After he had dismissed the browbeaten woman, he felt soiled and brutal. But he knew he was proceeding in the only possible way. In similar ways, with equivalent threats, he acquired the ears and memory of an electrician on the maintenance staff, a waitress in the coffee shop, a fat and greedy bellhop. Through their whispered disclosures of intrigue between other members of the staff he was able to acquire a bartender, a solarium attendant, a young gardener, a swimming-pool guard. He brought a cold and relentless
pressure down upon them, using their own fear and greed and insecurity to whip them into a great diligence of espionage.
As, piece by piece, a horrid picture began to form, he could not permit himself to realize that he was getting this information about the woman he loved. He had to steel himself to a special objectivity. The full emotional significance was there, like a presence a half step behind him, but he could not let himself turn and look into its face, because he sensed that it would break him.
He noted down each significant fragment, and as the picture began to form it provided clues to the areas where he should intensify the pressure.
At five o’clock on the fifteenth day of June, a Wednesday, Jane Sanderson marched to his desk, sat in the chair, looked at him with anger and curiosity and said, “Don’t you think it’s about time you told me what the hell you’re doing?”
“What do you mean?”
“Oh, so bland and so innocent! For God’s sake, Hugh, in two lousy weeks you’ve turned this whole place into a ferment of fear and confusion. Ladori is quietly job-hunting. People were in danger of liking you so much they tried to do their best for you. But all of a sudden you don’t give a damn about performance. People are scared of you. You have pets. So we’re getting guest complaints by the bale.”

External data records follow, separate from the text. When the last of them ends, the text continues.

Lemma is_derive_arsinh_quot_cos_integral (p : R) :
  is_derive arsinh_quot_cos_integral p (arsinh_quot (cos p)).
Proof.
  apply (is_derive_RInt (fun q => arsinh_quot (cos q)) _ 0).
  - apply filter_forall. intro q. apply (RInt_correct (fun q => arsinh_quot (cos q))).
    apply (@ex_RInt_continuous R_CompleteNormedModule). intros y _.
    apply continuous_arsinh_quot_comp, continuous_cos.
  - apply continuous_arsinh_quot_comp, continuous_cos.
Qed.

Lemma ex_derive_arsinh_quot_cos_integral (p : R) : ex_derive arsinh_quot_cos_integral p.
Proof. eexists. apply is_derive_arsinh_quot_cos_integral. Qed.

Lemma Derive_arsinh_quot_cos_integral (p : R) :
  Derive arsinh_quot_cos_integral p = arsinh_quot (cos p).
Proof. apply is_derive_unique, is_derive_arsinh_quot_cos_integral. Qed.

Definition cos_sqr_integrand (p : R) : R :=
  2 * sin p * hypot1 (cos p) * asin (cos p * cos p).

(* Integration by parts: [d/dp hypot1_primitive (cos p) = - 2 sin p hypot1 (cos p)] and
   [d/dp asin (cos p * cos p) = - 2 cos p / hypot1 (cos p)] on [(0, PI/2)]. *)
Definition cos_sqr_primitive (p : R) : R :=
  - (p + sin p * cos p) - 2 * arsinh_quot_cos_integral p
  - hypot1_primitive (cos p) * asin (cos p * cos p).

Lemma is_derive_cos_sqr_primitive (p : R) :
  0 < p < PI / 2 -> is_derive cos_sqr_primitive p (cos_sqr_integrand p).
Proof.
  intro Hp.
  assert (Hc : 0 < cos p) by (apply cos_gt_0; lra).
  assert (Hs : 0 < sin p) by (apply sin_gt_0; lra).
  pose proof (sin2_cos2 p) as Hsc. unfold Rsqr in Hsc.
  assert (Hc2 : -1 < cos p * cos p < 1) by (split; nra).
  pose proof (hypot1_pos (cos p)) as Hr.
  unfold cos_sqr_primitive. auto_derive.
  - repeat split.
    + apply ex_derive_arsinh_quot_cos_integral.
    + eexists. apply is_derive_hypot1_primitive.
    + eexists. apply is_derive_asin, Hc2.
  - rewrite Derive_arsinh_quot_cos_integral, Derive_hypot1_primitive.
    rewrite Derive_asin, sqrt_1_minus_cos_pow4 by lra.
    unfold cos_sqr_integrand, arsinh_quot, hypot1_primitive.
    apply Rminus_diag_uniq.
    transitivity (sin p * sin p + cos p * cos p - 1).
    + field. lra.
    + rewrite Hsc. ring.
Qed.

Lemma continuous_cos_sqr_integrand (p : R) : continuous cos_sqr_integrand p.
Proof.
  apply (continuous_mult (fun p => 2 * sin p * hypot1 (cos p)) (fun p => asin (cos p * cos p))).
  - apply (ex_derive_continuous (fun p => 2 * sin p * hypot1 (cos p))).
    auto_derive. apply ex_derive_hypot1.
  - apply continuous_asin_cos_sqr.
Qed.

Lemma continuous_cos_sqr_primitive (p : R) : continuous cos_sqr_primitive p.
Proof.
  apply (continuous_minus (fun p => - (p + sin p * cos p) - 2 * arsinh_quot_cos_integral p)
                          (fun p => hypot1_primitive (cos p) * asin (cos p * cos p))).
  - apply (ex_derive_continuous
             (fun p => - (p + sin p * cos p) - 2 * arsinh_quot_cos_integral p)).
    auto_derive. apply ex_derive_arsinh_quot_cos_integral.
  - apply (continuous_mult (fun p => hypot1_primitive (cos p)));
      [|apply continuous_asin_cos_sqr].
    apply (ex_derive_continuous (fun p => hypot1_primitive (cos p))).
    auto_derive. eexists. apply is_derive_hypot1_primitive.
Qed.

Lemma is_RInt_cos_sqr_integrand :
  is_RInt cos_sqr_integrand 0 (PI / 2) (PI / 2 * (sqrt 2 - 1 + ln (sqrt 2 + 1) - ln 2)).
Proof.
  pose proof PI_RGT_0.
  assert (HI0 : arsinh_quot_cos_integral 0 = 0) by apply (@RInt_point R_CompleteNormedModule).
  assert (HI1 : arsinh_quot_cos_integral (PI / 2) = PI / 4 * ln 2)
    by apply is_RInt_unique, is_RInt_arsinh_quot_cos.
  assert (Hh1 : hypot1 1 = sqrt 2) by (unfold hypot1; f_equal; ring).
  replace (PI / 2 * (sqrt 2 - 1 + ln (sqrt 2 + 1) - ln 2))
    with (cos_sqr_primitive (PI / 2) - cos_sqr_primitive 0).
  - apply is_RInt_derive_interior; [lra | apply continuous_cos_sqr_integrand | |].
    + intros p _. apply continuous_cos_sqr_primitive.
    + apply is_derive_cos_sqr_primitive.
  - unfold cos_sqr_primitive, hypot1_primitive.
    rewrite cos_PI2, sin_PI2, cos_0, sin_0, HI0, HI1, !Rmult_0_l, !Rmult_1_l.
    rewrite asin_0, asin_1, arsinh_0.
    unfold arsinh. rewrite Hh1, (Rplus_comm 1 (sqrt 2)).
    field.
Qed.

Lemma F_integrand_0_pos (t : R) :
  0 < t -> F_integrand 0 t = sqrt (1 + t) * asin t / sqrt t.
Proof.
  intro Ht. unfold F_integrand. simpl INR. replace (0 - 1 / 2) with (- (/ 2)) by field.
  rewrite Rpower_Ropp, Rpower_sqrt by exact Ht.
  field. apply Rgt_not_eq, sqrt_lt_R0, Ht.
Qed.

(* [Rpower t y = exp (y * ln t)], and [ln] is 0 on nonpositive reals. *)
Lemma F_integrand_0_nonpos (t : R) : t <= 0 -> F_integrand 0 t = sqrt (1 + t) * asin t.
Proof.
  intro Ht.
  assert (Hln : ln t = 0)
    by (unfold ln; destruct (Rlt_dec 0 t); [exfalso; lra | reflexivity]).
  unfold F_integrand, Rpower. rewrite Hln, Rmult_0_r, exp_0. ring.
Qed.

Lemma Rabs_F_integrand_0_le (t : R) :
  Rabs t <= 1 / 2 -> Rabs (F_integrand 0 t) <= 4 * sqrt (Rabs t).
Proof.
  intro Ht. pose proof (sqrt_pos (1 + t)).
  destruct (Rlt_le_dec 0 t) as [Hpos|Hnpos].
  - rewrite (Rabs_pos_eq t), F_integrand_0_pos in * by lra.
    pose proof (asin_nonneg_le_2x t ltac:(lra)).
    assert (sqrt (1 + t) <= 2).
    { rewrite <- (sqrt_square 2) by lra. apply sqrt_le_1_alt. lra. }
    assert (0 < / sqrt t) by (apply Rinv_0_lt_compat, sqrt_lt_R0, Hpos).
    replace (4 * sqrt t) with (4 * t / sqrt t)
      by (rewrite <- (sqrt_sqrt t) at 1 by lra; field; apply Rgt_not_eq, sqrt_lt_R0, Hpos).
    unfold Rdiv. rewrite Rabs_pos_eq by (apply Rmult_le_pos; nra).
    apply Rmult_le_compat_r; nra.
  - rewrite (Rabs_left1 t), F_integrand_0_nonpos in * by lra.
    pose proof (asin_nonneg_le_2x (- t) ltac:(lra)) as Hasin. rewrite asin_opp in Hasin.
    assert (Hsqrt_le_1 : forall x, 0 <= x <= 1 -> sqrt x <= 1)
      by (intros x Hx; rewrite <- sqrt_1; apply sqrt_le_1_alt; lra).
    pose proof (Hsqrt_le_1 (1 + t) ltac:(lra)).
    pose proof (Hsqrt_le_1 (- t) ltac:(lra)).
    pose proof (sqrt_sqrt (- t) ltac:(lra)). pose proof (sqrt_pos (- t)).
    rewrite Rabs_left1 by nra. nra.
Qed.

Lemma continuous_F_integrand_0 (t : R) : 0 <= t <= 1 -> continuous (F_integrand 0) t.
Proof.
  intro Ht. destruct (Req_dec t 0) as [->|Ht0].
  - apply (continuous_of_Rabs_le _ (fun y => 4 * sqrt (Rabs y))).
    + exists (mkposreal (1 / 2) ltac:(lra)). intros y Hy.
      change (Rabs (y - 0) < 1 / 2) in Hy. rewrite Rminus_0_r in Hy.
      rewrite (F_integrand_0_nonpos 0), asin_0, Rmult_0_r, Rminus_0_r by lra.
      apply Rabs_F_integrand_0_le. lra.
    + apply (continuous_mult (fun _ => 4) (fun y => sqrt (Rabs y))).
      * apply continuous_const.
      * apply continuous_sqrt_comp, continuous_Rabs.
    + rewrite Rabs_R0, sqrt_0. ring.
  - apply (continuous_mult (fun y => Rpower y (INR 0 - 1 / 2) * sqrt (1 + y)) asin).
    + apply (ex_derive_continuous (fun y => Rpower y (INR 0 - 1 / 2) * sqrt (1 + y))).
      unfold Rpower. auto_derive. lra.
    + apply continuous_asin. lra.
Qed.

Lemma ex_RInt_F_integrand_0 : ex_RInt (F_integrand 0) 0 1.
Proof.
  apply (@ex_RInt_continuous R_CompleteNormedModule).
  rewrite Rmin_left, Rmax_right by lra. apply continuous_F_integrand_0.
Qed.

Lemma is_RInt_cos_sqr_integrand_F_integrand_0 :
  is_RInt cos_sqr_integrand 0 (PI / 2) (RInt (F_integrand 0) 0 1).
Proof.
  pose proof PI_RGT_0.
  pose proof (is_RInt_comp (F_integrand 0) (fun p => cos p * cos p)
                (fun p => - (2 * cos p * sin p)) 0 (PI / 2)) as Hsubst.
  cbv beta in Hsubst. rewrite cos_0, cos_PI2, Rmult_1_l, Rmult_0_l in Hsubst.
  apply (is_RInt_ext
           (fun p => opp (scal (- (2 * cos p * sin p)) (F_integrand 0 (cos p * cos p))))).
  - rewrite Rmin_left, Rmax_right by lra. intros p Hp.
    assert (Hc : 0 < cos p) by (apply cos_gt_0; lra).
    rewrite F_integrand_0_pos, sqrt_square by nra.
    unfold cos_sqr_integrand, hypot1, opp, scal. simpl. unfold mult. simpl.
    field. lra.
  - rewrite <- (opp_opp (RInt (F_integrand 0) 0 1)), (opp_RInt_swap _ _ _ ex_RInt_F_integrand_0).
    apply (@is_RInt_opp R_NormedModule), Hsubst.
    + intros p _. apply continuous_F_integrand_0. pose proof (COS_bound p). split; nra.
    + intros p _. split.
      * auto_derive; [exact I | ring].
      * apply (ex_derive_continuous (fun p => - (2 * cos p * sin p))). auto_derive. exact I.
Qed.

Theorem lemma6p0p1 :
  is_RInt (F_integrand 0) 0 1
    (PI / 2 * (sqrt 2 - 1 + ln (sqrt 2 + 1) - ln 2))
  /\ F 0 = PI / 2 * (sqrt 2 - 1 + ln (sqrt 2 + 1) - ln 2).
Proof.
  assert (HF : F 0 = PI / 2 * (sqrt 2 - 1 + ln (sqrt 2 + 1) - ln 2)).
  { unfold F. rewrite <- (is_RInt_unique _ _ _ _ is_RInt_cos_sqr_integrand_F_integrand_0).
    apply is_RInt_unique, is_RInt_cos_sqr_integrand. }
  split; [|exact HF].
  rewrite <- HF. apply (RInt_correct (F_integrand 0)), ex_RInt_F_integrand_0.
Qed.
(* The orbit relation of a partial homeomorphism with open domain and range
   is open: near (u,z) ~ (r,x) every (u,z') is related to a point near (r,x). *)
Lemma orbit_rel_open : open_relation (orbit_rel D f E g).
Proof.
  destruct (orbit_rel_equiv _ _ _ _ Hbij) as [_ [Hsym _]].
  intros A HA u z [[r x] [Ha Hat]].
  apply Hsym in Hat. destruct Hat as [Hz Hzx]; simpl in *.
  destruct (HA r x Ha) as [N HN].
  destruct (zdom_open_continuous D f E g (u - r) HD Hf HE Hg) as [Hopen Hcont].
  destruct (Hopen z Hz) as [n1 Hn1], (Hcont z Hz N) as [n2 Hn2].
  exists (Nat.max n1 n2). intros z' Hz'.
  assert (Hz'dom : zdom D f E g (u - r) z')
    by (apply Hn1; eapply agree_mono; [apply Nat.le_max_l | exact Hz']).
  exists (r, zpow f g (u - r) z'). split.
  - apply HN. rewrite <- Hzx. apply Hn2; auto.
    eapply agree_mono; [apply Nat.le_max_r | exact Hz'].
  - apply Hsym. split; auto.
Qed.

Hypothesis HDc : is_closed D.

(* With D clopen the orbit relation has closed graph; by symmetry it suffices
   to treat non-negative exponents, i.e. iter_graph_closed. *)
Lemma orbit_rel_closed_graph : closed_graph (orbit_rel D f E g).
Proof.
  assert (Hforward : forall r x s y m, (r - s)%Z = Z.of_nat m ->
      ~ orbit_rel D f E g (r, x) (s, y) -> exists N, forall x' y',
      agree N x x' -> agree N y y' -> ~ orbit_rel D f E g (r, x') (s, y')).
  { intros r x s y m Hm. unfold orbit_rel; simpl. rewrite Hm, zgraph_of_nat.
    intros Hxy. destruct (iter_graph_closed D f HD Hf HDc m x y Hxy) as [N HN].
    exists N. intros x' y' Hx' Hy'. rewrite zgraph_of_nat. auto. }
  destruct (orbit_rel_equiv _ _ _ _ Hbij) as [_ [Hsym _]].
  intros r x s y Hxy. destruct (Z_nat_cases (r - s)) as [m [Hm | Hm]]; [eauto|].
  assert (Hyx : ~ orbit_rel D f E g (s, y) (r, x))
    by (intro; apply Hxy, Hsym; assumption).
  destruct (Hforward s y r x m ltac:(lia) Hyx) as [N HN].
  exists N. intros x' y' Hx' Hy' Hxy'. apply (HN y' x' Hy' Hx').
  apply Hsym, Hxy'.
Qed.
(* Let $(\mathfrak M,\mathscr A)$ be a quasi-differentiable Banach manifold (modelled on $X$) with $C^1$-kernel $\mathfrak M_0$ (modelled on $X_0$) and inner $C^1$-kernel $\mathfrak M_1$, and let $\eta\in\mathfrak M_1$. Then for any two charts $(\mathcal U,\varphi),(\mathcal V,\psi)\in\mathscr A$ with $\eta\in\mathcal U\cap\mathcal V$, $\mathcal T^0_{\eta,\varphi}(\mathfrak M)=\mathcal T^0_{\eta,\psi}(\mathfrak M)$. Consequently, for every chart $(\mathcal U,\varphi)\in\mathscr A$ with $\eta\in\mathcal U$, $\mathcal T^0_\eta(\mathfrak M)=\mathcal T^0_{\eta,\varphi}(\mathfrak M)$ and $\varphi'(\eta)\mathcal T^0_\eta(\mathfrak M)=X_0$.
   Context: Densely embedded spaces and the class $\mathfrak C^k$. For Banach spaces $X$ and $X_0$, $X_0$ is a densely embedded Banach subspace of $X$ if $X_0$ is a dense linear subspace of $X$ and there is $C>0$ with $\|x\|_X\le C\|x\|_{X_0}$ for $x\in X_0$. For such $X_0\subseteq X$, a Banach space $Y$, an open set $U_0\subseteq X_0$ and an integer $k\ge1$, $\mathfrak C^k(U_0;X,Y)$ denotes the set of maps $F:U_0\to Y$ such that (i) for each $x_0\in U_0$ there are bounded symmetric $j$-linear maps $F^{(j)}(x_0):X^j\to Y$, $1\le j\le k$, with $\|F(x)-F(x_0)-\sum_{j=1}^k\frac1{j!}F^{(j)}(x_0)(x-x_0,\dots,x-x_0)\|_Y/\|x-x_0\|_{X_0}^k\to0$ as $\|x-x_0\|_{X_0}\to0$, and (ii) $x\mapsto F^{(j)}(x)$ is continuous from $U_0$ (with the $X_0$-topology) into the space $L^j(X,Y)$ of bounded $j$-linear maps. We write $F'=F^{(1)}$. Embedded submanifolds and quasi-differentiable manifolds. Let $\mathfrak M,\mathfrak M_0$ be topological Banach manifolds modelled on $X$, $X_0$, let $\mathscr A$ be a family of local charts of $\mathfrak M$, and $k\ge1$. $\mathfrak M_0$ is a $C^k$-embedded Banach submanifold of $\mathfrak M$ with respect to $\mathscr A$ if: (D1) $X_0$ is a densely embedded Banach subspace of $X$; (D2) $\mathfrak M_0\subseteq\mathfrak M$ and $\mathcal U\cap\mathfrak M_0$ is open in $\mathfrak M_0$ for every open $\mathcal U\subseteq\mathfrak M$; (D3) the domains of the charts of $\mathscr A$ cover $\mathfrak M$; (D4) for $\eta\in\mathfrak M_0$ and $(\mathcal U,\varphi)\in\mathscr A$ with $\eta\in\mathcal U$, $(\mathcal U_0,\varphi|_{\mathcal U_0})$ with $\mathcal U_0:=\mathcal U\cap\mathfrak M_0$ is a local chart of $\mathfrak M_0$; (D5) for $\eta\in\mathfrak M_0$ and $(\mathcal U,\varphi),(\mathcal V,\psi)\in\mathscr A$ with $\eta\in\mathcal U\cap\mathcal V$, $\psi\circ\varphi^{-1}\in\mathfrak C^k(\varphi(\mathcal U_0\cap\mathcal V_0);X,X)$ and $\varphi\circ\psi^{-1}\in\mathfrak C^k(\psi(\mathcal U_0\cap\mathcal V_0);X,X)$. $(\mathfrak M,\mathfrak M_0,\mathscr A)$ is inward spreadable if there is a Banach manifold $\mathfrak M_1\subseteq\mathfrak M_0$, modelled on a Banach space $X_1$, which is a $C^1$-embedded Banach submanifold of $\mathfrak M_0$ with respect to the restrictions to $\mathfrak M_0$ of the charts of $\mathscr A$ ($\mathfrak M_1$ an inner $C^1$-kernel); outward spreadable if there is a Banach manifold $\widetilde{\mathfrak M}\supseteq\mathfrak M$ with a chart family $\widetilde{\mathscr A}$ whose restrictions to $\mathfrak M$ form $\mathscr A$ such that $\mathfrak M$ is a $C^1$-embedded Banach submanifold of $\widetilde{\mathfrak M}$. If both hold, $(\mathfrak M,\mathscr A)$ is a quasi-differentiable Banach manifold with $C^1$-kernel $\mathfrak M_0$. Tangent vectors. For $\eta\in\mathfrak M_0$, $\mathcal T_\eta(\mathfrak M)$ is the set of tangent vectors $f'(0)$ (acting on suitable real functions $F$ by $F\mapsto(F\circ f)'(0)$) of curves $f$ through $\eta$ continuously differentiable at $0$ in chart coordinates, and for a chart $\varphi\in\mathscr A$ at $\eta$, $\varphi'(\eta):\mathcal T_\eta(\mathfrak M)\to X$ is the induced linear bijection $f'(0)\mapsto(\varphi\circ\psi^{-1})'(\psi(\eta))(\psi\circ f)'(0)$. For a chart $(\mathcal U,\varphi)\in\mathscr A$ at $\eta$, $\mathcal T^0_{\eta,\varphi}(\mathfrak M)$ is the set of $f'(0)$ for curves $f:(-\varepsilon,\varepsilon)\to\mathfrak M_0$ with $f(0)=\eta$ such that $t\mapsto\varphi(f(t))$ is continuously differentiable on $(-\varepsilon,\varepsilon)$ in the norm of $X_0$; $\mathcal T^0_\eta(\mathfrak M)=\bigcup_{(\mathcal U,\varphi)}\mathcal T^0_{\eta,\varphi}(\mathfrak M)$ (union over charts of $\mathscr A$ at $\eta$). *)

(* Conventions:
   - All model Banach spaces are represented as linear subspaces S of one
     ambient normed space V, each with its own norm n : V -> R (only its values
     on S matter).  Densely embedded means S0 included in S, dense, with
     n x <= C * n0 x.
   - All manifolds are subsets M of one carrier type T, each with its own
     topology given by its family O of open sets.
   - A chart is a pair (U, phi) with phi : T -> V (only its values on U matter). *)
From HB Require Import structures.
From mathcomp Require Import all_boot all_order all_algebra.
From mathcomp Require Import all_classical all_reals all_analysis.
Import Order.TTheory GRing.Theory Num.Theory.
Set Implicit Arguments. Unset Strict Implicit. Unset Printing Implicit Defensive.
Local Open Scope classical_set_scope.
Local Open Scope ring_scope.
Definition h_skew (X : metricType R) (p : nat) (g : 'I_p -> X -> X)
    (z : Sigma p * X) : \bar R :=
  lim (h_skew_eps g z eps @[eps --> 0^'+]).

End FreeSemigroupEntropy.

(* Fix eps > 0 and a compact neighbourhood K of x; then Sigma_p x K is a compact
   neighbourhood of (omega, x) for D x d, the compactness coming from a
   Koenig-type argument on cylinders. Choose k such that sequences sharing their
   first k letters are eps-close for D. A point (a, y) is eps-shadowed for n steps
   of F_G by (a', y') as soon as a' shares the first n + k letters of a and y' is
   eps-close to y for d_w, where w = a_1 ... a_n; hence
     b_n(Sigma_p x K, eps) <= p^k * sum_{|w| = n} b_d(K, w, eps).
   Taking (1/n) log and limsup gives
     B_{D x d}(Sigma_p x K, eps) <= B_d(K, eps) + log p,
   and one concludes by taking infima over K and letting eps -> 0, both entropy
   functions being monotone in eps. *)

From Pilot Require Import Defs.
From HB Require Import structures.
From mathcomp Require Import all_boot all_order all_algebra.
From mathcomp Require Import all_classical all_reals all_analysis.
From mathcomp Require Import zify.
Import Order.TTheory GRing.Theory Num.Theory metricType_numDomainType.
Set Implicit Arguments. Unset Strict Implicit. Unset Printing Implicit Defensive.
Local Open Scope classical_set_scope.
Local Open Scope ring_scope.

(* [b_d] and [b_n] are, by definition, [min_card] of the spanning predicates. *)
Section MinimalCardinality.
Context {R : realType} {T : Type}.
Implicit Types P Q : set (seq T).

Definition min_card P : R := inf [set (size F)%:R | F in P].

Lemma min_card_le P F : P F -> min_card P <= (size F)%:R.
Proof.
move=> PF; apply: ge_inf; last by exists F.
by exists 0 => _ [G _ <-]; rewrite ler0n.
Qed.

Lemma min_card_attained P :
  (exists F, P F) -> exists2 F, P F & min_card P = (size F)%:R.
Proof.
move=> [F0 PF0].
have [|m /asboolP[F PF <-] Fmin] := ex_minnP (P := fun m => `[< exists2 F, P F & size F = m >]).
  by exists (size F0); apply/asboolP; exists F0.
exists F => //; apply/eqP; rewrite eq_le min_card_le //=.
apply: lb_le_inf; first by exists (size F)%:R, F.
by move=> _ [G PG <-]; rewrite ler_nat Fmin //; apply/asboolP; exists G.
Qed.

Lemma min_card_ge1 P :
  (exists F, P F) -> (forall F, P F -> (0 < size F)%N) -> 1 <= min_card P.
Proof. by move=> /min_card_attained[F PF ->] /(_ F PF); rewrite ler1n. Qed.

Lemma le_min_card P Q : (exists F, P F) -> P `<=` Q -> min_card Q <= min_card P.
Proof. by move=> /min_card_attained[F PF ->] PQ; exact/min_card_le/PQ. Qed.

End MinimalCardinality.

“Jane, honestly, I can’t tell you what I’m doing or why I’m doing it. There’s only one thing I can tell you. It won’t last much longer.”
“Do you realize how long it will take to undo what you’re doing?”
“A long time.”
“In another month we’ll be right back where we started.”
“I know that too.”
“But
why
are you doing this?”
“The reason is important.”
She sighed. “I give up. Some day, let me in on these things, huh?”
That same evening he sat at the small desk in his room on the second floor and carefully wrote out, in no special order, a series of statements. Though he had no proof of any of them, he believed them to be true.
1. There exists somewhere, away from the hotel, a special place to which big winners are enticed for purposes of blackmail.
2. Betty assisted Hanes in such projects.
3. Hanes, with Marta’s knowledge and approval, had and
perhaps still has unsavory still pictures or tapes or movies proving Betty’s complicity in this blackmail operation.